(Beginning of PROVIDED DATA)

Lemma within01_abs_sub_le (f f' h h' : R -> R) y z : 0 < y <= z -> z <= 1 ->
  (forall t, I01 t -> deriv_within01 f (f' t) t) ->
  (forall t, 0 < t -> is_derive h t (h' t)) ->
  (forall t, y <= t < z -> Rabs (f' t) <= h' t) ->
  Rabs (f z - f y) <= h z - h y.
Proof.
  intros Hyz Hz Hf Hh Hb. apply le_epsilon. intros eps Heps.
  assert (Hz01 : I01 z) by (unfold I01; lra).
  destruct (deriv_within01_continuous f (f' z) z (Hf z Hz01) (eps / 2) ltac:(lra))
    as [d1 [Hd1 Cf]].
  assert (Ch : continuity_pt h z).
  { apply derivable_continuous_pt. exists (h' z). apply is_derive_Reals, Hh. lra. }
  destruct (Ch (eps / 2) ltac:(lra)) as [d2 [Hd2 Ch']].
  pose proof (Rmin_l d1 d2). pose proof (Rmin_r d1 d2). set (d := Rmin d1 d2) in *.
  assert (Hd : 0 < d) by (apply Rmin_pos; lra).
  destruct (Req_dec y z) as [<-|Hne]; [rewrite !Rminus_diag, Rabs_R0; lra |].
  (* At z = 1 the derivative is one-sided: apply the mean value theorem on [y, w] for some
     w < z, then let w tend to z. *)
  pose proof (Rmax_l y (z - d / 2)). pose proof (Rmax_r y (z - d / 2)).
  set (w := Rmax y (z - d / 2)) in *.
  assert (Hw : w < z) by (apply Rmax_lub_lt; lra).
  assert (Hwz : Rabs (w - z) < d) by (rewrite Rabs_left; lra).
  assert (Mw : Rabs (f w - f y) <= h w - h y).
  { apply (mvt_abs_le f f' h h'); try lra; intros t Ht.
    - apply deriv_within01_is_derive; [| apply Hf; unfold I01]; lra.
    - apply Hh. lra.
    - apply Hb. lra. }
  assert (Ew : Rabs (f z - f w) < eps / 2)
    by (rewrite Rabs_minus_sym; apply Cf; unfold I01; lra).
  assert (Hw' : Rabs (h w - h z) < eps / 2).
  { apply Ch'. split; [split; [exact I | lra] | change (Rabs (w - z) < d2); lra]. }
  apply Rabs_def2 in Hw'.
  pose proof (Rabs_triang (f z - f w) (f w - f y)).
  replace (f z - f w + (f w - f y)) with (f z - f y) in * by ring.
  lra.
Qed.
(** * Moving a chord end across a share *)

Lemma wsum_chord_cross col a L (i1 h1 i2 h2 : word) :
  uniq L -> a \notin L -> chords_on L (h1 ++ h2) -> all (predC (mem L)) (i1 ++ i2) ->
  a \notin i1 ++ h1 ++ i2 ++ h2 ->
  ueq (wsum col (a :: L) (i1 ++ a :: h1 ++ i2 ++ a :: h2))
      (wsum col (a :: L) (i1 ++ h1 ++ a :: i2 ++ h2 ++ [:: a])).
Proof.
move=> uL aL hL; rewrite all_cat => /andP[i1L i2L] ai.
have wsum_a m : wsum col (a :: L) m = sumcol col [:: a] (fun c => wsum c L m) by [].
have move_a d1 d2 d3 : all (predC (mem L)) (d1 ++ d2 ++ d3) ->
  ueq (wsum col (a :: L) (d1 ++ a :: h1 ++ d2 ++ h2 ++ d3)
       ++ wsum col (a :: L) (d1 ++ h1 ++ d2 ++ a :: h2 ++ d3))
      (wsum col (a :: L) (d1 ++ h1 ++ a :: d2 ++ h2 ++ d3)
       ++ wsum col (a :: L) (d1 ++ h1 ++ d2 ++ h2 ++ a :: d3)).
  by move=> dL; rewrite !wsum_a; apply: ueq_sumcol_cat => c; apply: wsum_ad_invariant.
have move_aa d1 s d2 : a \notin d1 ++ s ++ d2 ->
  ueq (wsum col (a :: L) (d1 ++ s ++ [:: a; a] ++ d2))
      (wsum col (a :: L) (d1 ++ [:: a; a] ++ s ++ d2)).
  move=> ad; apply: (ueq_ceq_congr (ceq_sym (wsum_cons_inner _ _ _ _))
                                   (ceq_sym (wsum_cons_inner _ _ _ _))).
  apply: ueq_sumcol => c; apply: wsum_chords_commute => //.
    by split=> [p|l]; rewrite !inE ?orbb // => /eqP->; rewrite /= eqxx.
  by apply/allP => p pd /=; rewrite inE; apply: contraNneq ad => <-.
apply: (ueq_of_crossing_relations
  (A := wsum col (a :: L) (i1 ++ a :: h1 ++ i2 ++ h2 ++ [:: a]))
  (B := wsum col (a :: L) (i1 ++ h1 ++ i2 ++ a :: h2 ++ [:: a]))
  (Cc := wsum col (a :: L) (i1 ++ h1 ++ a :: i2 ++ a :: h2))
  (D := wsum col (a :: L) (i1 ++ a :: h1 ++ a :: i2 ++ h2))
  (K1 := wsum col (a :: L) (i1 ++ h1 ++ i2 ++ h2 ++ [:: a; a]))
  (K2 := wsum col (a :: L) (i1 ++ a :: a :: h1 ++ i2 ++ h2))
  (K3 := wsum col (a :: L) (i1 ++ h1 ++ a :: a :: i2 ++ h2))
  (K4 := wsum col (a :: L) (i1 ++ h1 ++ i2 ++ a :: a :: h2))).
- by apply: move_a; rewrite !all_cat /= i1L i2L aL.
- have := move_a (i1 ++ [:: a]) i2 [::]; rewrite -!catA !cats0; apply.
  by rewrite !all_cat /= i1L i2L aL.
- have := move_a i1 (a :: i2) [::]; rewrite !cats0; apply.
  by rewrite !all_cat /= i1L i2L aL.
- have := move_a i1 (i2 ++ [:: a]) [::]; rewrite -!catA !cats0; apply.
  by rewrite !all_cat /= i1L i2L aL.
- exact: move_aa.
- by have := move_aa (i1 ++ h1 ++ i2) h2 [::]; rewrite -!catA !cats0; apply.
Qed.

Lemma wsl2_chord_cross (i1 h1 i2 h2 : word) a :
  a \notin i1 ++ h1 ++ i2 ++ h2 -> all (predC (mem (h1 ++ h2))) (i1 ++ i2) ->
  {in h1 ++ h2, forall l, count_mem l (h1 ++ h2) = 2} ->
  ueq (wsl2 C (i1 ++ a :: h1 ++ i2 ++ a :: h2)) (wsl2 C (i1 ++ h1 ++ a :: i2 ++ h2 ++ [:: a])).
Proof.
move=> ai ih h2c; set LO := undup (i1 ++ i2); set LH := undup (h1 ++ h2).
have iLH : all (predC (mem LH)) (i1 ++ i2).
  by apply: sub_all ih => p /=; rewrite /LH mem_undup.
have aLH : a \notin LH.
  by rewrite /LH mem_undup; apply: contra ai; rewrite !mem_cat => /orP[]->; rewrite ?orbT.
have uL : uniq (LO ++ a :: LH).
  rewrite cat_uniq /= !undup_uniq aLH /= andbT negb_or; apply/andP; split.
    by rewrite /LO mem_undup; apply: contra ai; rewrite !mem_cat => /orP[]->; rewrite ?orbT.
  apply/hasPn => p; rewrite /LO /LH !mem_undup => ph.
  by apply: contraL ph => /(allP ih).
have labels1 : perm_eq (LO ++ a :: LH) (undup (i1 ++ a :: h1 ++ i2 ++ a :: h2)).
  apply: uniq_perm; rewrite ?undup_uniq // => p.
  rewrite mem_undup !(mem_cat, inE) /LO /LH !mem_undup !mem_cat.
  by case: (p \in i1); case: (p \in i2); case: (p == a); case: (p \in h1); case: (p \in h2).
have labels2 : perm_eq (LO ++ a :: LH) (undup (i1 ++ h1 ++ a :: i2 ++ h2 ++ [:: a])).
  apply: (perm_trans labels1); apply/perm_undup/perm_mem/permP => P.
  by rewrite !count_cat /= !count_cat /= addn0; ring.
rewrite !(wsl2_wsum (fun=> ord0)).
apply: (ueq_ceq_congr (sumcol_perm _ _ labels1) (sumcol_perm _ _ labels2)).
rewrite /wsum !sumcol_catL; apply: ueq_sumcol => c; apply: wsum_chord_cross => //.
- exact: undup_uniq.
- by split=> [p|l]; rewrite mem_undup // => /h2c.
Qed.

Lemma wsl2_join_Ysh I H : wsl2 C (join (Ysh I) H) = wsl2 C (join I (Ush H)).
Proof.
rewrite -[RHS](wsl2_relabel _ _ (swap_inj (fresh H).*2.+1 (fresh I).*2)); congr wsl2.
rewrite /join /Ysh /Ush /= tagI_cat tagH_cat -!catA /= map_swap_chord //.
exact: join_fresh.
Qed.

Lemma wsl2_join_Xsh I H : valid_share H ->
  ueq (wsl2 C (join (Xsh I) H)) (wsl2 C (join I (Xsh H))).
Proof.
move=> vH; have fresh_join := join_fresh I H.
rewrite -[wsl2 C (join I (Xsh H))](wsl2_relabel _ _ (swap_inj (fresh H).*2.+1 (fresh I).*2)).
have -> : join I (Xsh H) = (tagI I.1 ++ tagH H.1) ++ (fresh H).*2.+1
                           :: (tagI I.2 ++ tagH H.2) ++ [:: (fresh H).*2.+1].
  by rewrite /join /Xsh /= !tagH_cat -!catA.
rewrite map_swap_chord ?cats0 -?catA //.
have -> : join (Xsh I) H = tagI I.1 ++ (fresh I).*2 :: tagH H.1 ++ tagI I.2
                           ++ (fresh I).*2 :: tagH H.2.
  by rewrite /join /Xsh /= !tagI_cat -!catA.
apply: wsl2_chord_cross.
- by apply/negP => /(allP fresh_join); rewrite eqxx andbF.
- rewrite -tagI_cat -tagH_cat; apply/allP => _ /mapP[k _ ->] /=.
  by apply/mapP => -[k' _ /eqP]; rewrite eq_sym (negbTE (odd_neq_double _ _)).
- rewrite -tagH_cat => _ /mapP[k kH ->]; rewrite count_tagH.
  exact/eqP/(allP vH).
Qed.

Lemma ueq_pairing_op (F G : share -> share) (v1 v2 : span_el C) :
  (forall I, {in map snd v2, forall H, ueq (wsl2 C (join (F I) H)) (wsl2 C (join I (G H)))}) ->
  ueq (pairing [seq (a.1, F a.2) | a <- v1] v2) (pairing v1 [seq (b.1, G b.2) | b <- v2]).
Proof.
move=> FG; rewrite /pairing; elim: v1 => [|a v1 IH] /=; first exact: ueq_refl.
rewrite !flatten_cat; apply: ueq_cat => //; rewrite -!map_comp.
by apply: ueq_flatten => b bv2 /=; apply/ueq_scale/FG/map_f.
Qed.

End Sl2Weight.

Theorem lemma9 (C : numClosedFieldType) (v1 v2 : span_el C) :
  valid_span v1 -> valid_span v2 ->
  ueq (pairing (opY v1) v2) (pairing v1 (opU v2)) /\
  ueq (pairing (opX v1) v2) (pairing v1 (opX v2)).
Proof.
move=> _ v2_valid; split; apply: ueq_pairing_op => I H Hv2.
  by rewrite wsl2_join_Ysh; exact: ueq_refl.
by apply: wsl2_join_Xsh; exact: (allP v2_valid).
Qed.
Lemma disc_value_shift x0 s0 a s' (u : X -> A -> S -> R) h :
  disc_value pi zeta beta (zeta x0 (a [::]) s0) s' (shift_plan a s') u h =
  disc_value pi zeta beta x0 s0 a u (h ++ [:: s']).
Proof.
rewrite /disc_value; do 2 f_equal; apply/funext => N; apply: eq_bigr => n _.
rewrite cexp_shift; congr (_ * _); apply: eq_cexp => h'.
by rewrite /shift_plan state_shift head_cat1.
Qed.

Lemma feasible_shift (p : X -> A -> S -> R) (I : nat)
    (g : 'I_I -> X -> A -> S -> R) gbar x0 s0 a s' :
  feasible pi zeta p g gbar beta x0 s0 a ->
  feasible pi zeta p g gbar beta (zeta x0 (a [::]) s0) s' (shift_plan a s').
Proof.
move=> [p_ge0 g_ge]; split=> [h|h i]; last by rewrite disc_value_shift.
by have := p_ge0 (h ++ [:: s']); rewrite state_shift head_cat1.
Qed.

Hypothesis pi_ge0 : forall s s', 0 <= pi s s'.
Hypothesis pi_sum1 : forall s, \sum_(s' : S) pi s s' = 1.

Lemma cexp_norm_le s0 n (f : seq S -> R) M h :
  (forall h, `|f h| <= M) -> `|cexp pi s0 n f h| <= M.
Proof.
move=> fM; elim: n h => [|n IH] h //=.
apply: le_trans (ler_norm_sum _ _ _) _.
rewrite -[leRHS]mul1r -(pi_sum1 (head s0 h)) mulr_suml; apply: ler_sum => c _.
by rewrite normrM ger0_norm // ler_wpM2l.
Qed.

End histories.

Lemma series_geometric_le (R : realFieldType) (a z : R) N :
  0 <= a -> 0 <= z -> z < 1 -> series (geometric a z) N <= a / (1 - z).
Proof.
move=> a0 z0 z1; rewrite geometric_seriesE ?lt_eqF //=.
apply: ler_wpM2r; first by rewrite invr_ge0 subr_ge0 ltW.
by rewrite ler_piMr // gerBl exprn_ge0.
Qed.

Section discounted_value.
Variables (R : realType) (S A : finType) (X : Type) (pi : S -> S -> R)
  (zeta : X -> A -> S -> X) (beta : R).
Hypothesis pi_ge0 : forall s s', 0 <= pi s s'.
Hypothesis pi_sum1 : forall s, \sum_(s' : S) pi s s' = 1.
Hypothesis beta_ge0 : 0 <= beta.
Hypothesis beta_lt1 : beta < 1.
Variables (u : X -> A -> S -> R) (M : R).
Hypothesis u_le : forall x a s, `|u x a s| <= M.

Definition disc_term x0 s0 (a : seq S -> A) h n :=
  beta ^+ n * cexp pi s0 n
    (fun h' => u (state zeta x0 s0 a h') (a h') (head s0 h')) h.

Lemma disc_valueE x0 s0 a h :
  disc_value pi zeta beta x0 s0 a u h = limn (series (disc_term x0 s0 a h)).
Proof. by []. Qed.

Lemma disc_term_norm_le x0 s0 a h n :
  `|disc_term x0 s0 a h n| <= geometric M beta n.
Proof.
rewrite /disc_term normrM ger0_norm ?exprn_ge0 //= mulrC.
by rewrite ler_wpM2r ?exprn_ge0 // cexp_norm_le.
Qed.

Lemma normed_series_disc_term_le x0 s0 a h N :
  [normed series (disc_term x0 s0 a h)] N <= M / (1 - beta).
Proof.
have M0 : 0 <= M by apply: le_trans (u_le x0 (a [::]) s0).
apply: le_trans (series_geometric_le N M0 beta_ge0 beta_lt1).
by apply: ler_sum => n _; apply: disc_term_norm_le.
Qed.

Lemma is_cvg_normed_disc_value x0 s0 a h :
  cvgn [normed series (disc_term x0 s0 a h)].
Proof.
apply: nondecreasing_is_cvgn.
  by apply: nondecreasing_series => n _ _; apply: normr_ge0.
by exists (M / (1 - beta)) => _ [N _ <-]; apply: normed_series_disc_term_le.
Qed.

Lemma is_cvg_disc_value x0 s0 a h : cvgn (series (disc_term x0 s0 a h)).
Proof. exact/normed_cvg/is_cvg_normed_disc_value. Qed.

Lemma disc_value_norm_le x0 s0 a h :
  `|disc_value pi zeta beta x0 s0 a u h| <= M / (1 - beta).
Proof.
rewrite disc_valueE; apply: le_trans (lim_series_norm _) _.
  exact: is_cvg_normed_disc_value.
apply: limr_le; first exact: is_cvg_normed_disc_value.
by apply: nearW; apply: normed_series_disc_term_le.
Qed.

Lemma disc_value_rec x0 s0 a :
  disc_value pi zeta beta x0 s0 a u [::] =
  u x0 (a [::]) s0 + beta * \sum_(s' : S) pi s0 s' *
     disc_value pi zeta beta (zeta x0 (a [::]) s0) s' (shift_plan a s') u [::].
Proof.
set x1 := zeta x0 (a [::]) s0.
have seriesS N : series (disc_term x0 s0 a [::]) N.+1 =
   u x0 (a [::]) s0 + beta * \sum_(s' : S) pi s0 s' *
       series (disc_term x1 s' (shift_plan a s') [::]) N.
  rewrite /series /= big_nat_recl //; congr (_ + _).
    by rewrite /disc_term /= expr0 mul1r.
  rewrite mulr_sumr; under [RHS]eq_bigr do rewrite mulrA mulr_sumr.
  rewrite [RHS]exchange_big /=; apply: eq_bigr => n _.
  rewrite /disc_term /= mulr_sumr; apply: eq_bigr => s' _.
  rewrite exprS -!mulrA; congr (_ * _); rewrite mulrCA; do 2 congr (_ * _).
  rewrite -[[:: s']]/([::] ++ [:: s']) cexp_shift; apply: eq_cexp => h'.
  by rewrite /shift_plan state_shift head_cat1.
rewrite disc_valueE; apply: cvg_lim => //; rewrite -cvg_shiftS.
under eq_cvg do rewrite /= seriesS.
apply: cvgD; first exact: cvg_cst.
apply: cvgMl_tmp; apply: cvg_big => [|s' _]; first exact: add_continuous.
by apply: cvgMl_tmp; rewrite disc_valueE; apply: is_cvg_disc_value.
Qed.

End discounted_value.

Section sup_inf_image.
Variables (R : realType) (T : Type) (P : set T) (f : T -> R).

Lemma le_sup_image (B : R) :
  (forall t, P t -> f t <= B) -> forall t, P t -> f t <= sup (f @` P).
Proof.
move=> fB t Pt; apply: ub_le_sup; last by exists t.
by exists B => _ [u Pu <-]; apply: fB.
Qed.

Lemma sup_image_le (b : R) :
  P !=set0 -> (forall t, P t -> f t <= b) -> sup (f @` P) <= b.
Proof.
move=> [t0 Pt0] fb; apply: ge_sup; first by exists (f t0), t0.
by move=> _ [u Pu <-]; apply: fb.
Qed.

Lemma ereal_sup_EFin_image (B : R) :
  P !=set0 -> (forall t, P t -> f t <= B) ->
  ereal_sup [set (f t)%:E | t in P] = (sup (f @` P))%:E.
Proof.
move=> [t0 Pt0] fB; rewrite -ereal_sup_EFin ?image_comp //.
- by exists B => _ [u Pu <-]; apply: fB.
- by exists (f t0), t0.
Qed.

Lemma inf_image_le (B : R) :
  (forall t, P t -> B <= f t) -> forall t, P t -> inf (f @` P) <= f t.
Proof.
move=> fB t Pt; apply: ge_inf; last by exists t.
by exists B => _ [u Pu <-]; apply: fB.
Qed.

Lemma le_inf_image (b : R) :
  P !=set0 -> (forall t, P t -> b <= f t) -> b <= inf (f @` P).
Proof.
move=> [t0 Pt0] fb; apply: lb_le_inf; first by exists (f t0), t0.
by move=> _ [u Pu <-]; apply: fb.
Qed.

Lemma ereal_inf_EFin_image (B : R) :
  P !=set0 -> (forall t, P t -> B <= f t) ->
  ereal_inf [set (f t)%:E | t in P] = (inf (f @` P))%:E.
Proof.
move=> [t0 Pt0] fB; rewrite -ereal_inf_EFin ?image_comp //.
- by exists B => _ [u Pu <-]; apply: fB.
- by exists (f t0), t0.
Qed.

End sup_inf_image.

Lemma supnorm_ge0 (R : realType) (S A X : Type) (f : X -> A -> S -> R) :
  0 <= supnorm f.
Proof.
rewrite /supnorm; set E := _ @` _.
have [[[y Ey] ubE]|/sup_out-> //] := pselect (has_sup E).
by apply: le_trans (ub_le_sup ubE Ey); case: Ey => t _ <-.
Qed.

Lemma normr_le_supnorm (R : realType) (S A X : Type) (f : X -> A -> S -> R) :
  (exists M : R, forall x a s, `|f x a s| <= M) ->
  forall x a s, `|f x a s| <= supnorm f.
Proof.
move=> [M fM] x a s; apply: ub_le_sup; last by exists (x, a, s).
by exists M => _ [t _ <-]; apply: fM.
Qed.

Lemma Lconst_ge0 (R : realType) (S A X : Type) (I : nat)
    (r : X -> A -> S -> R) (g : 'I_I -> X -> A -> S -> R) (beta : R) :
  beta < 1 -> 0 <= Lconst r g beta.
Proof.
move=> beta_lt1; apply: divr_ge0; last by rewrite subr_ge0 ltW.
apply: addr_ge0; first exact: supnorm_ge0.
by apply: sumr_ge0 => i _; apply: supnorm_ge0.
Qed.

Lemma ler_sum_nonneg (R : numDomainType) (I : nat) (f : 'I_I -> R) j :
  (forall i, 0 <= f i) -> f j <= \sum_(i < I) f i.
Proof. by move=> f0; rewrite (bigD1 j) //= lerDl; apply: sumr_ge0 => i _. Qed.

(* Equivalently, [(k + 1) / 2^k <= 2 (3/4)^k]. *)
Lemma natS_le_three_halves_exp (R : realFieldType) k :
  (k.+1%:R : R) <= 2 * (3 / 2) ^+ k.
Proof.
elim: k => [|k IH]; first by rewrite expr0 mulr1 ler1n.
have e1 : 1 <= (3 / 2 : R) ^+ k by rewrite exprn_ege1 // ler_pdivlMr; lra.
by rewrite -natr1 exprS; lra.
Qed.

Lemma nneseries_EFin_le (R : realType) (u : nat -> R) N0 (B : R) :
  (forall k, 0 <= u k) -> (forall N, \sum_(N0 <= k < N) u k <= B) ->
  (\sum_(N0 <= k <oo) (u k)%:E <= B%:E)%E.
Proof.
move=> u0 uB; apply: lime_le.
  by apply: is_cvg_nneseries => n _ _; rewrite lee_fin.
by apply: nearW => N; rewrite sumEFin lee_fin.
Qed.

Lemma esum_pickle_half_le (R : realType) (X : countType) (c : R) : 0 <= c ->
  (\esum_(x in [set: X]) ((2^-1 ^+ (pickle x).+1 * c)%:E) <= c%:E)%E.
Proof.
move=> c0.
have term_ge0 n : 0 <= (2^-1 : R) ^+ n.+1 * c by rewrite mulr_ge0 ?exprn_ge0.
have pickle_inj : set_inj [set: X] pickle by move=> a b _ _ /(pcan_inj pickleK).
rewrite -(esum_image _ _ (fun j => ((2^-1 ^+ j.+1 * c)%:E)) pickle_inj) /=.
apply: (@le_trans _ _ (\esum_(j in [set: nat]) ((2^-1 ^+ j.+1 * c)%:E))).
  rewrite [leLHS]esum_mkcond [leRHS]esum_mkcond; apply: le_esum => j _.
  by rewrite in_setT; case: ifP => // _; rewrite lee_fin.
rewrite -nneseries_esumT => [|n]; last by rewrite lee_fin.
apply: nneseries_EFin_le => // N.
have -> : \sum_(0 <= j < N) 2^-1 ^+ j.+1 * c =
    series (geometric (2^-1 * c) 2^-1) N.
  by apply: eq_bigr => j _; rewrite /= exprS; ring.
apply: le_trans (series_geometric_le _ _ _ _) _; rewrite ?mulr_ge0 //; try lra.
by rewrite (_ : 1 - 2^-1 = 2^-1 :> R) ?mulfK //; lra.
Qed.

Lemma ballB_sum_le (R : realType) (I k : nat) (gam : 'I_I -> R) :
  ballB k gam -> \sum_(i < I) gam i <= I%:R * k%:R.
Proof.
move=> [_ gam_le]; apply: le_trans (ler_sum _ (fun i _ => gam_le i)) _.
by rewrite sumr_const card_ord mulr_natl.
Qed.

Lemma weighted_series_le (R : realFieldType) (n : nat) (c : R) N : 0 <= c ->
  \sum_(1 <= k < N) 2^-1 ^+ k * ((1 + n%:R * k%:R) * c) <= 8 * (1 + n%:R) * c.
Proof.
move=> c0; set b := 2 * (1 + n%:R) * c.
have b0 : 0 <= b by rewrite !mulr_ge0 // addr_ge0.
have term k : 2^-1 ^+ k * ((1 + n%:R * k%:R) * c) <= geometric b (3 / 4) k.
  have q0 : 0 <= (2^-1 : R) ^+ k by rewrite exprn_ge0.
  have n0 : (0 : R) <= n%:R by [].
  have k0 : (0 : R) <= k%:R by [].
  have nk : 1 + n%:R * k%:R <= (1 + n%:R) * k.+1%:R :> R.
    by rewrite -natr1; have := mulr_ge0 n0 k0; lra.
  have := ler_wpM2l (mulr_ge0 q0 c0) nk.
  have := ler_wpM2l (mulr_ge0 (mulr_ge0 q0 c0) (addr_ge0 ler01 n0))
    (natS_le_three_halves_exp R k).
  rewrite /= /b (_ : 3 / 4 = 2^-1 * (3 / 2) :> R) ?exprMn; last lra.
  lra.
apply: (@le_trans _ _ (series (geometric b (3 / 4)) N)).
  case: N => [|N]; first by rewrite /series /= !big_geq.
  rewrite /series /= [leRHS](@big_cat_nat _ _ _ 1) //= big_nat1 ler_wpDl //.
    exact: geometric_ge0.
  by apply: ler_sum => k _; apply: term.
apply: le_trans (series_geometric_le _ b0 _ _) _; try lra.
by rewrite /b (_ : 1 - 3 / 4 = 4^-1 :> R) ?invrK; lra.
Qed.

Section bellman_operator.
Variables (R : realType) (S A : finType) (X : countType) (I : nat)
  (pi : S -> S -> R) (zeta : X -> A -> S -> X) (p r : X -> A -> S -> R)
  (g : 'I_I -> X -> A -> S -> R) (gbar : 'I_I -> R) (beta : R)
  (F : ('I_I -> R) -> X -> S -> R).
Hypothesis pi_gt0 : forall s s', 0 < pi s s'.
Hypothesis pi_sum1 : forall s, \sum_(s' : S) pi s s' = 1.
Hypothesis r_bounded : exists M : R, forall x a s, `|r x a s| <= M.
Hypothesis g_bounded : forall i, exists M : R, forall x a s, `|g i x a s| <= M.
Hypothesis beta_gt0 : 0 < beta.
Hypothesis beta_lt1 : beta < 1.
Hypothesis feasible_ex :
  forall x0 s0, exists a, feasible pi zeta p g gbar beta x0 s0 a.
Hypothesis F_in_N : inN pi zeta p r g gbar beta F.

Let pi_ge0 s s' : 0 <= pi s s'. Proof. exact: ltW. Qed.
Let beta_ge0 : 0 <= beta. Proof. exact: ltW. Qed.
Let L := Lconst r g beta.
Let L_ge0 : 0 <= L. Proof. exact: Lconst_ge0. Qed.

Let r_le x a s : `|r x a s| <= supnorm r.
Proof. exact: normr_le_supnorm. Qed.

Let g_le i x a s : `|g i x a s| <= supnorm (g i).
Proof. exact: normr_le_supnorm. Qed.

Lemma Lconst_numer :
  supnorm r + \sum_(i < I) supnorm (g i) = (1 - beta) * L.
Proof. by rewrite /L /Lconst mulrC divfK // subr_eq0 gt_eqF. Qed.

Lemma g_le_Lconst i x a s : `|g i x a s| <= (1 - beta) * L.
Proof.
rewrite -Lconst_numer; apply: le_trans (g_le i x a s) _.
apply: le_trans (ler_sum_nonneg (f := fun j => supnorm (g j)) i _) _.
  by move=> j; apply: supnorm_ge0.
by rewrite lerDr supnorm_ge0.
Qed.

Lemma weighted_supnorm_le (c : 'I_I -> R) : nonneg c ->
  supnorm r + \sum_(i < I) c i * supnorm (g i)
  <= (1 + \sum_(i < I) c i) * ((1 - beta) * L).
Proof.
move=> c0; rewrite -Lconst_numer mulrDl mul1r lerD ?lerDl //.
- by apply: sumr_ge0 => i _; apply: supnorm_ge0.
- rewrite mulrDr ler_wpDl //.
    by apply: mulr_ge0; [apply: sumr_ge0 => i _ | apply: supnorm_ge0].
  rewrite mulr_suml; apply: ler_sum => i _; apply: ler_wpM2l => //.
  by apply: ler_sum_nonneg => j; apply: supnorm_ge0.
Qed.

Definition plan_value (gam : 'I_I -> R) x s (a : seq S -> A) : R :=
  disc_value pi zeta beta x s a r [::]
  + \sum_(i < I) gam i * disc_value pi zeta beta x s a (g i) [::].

(End of PROVIDED DATA)

*REQUIRED WORK*: Show every line above in which the word "destruct" appears.

*COMPLETED TASK*:
  destruct (deriv_within01_continuous f (f' z) z (Hf z Hz01) (eps / 2) ltac:(lra))
  destruct (Ch (eps / 2) ltac:(lra)) as [d2 [Hd2 Ch']].
  destruct (Req_dec y z) as [<-|Hne]; [rewrite !Rminus_diag, Rabs_R0; lra |].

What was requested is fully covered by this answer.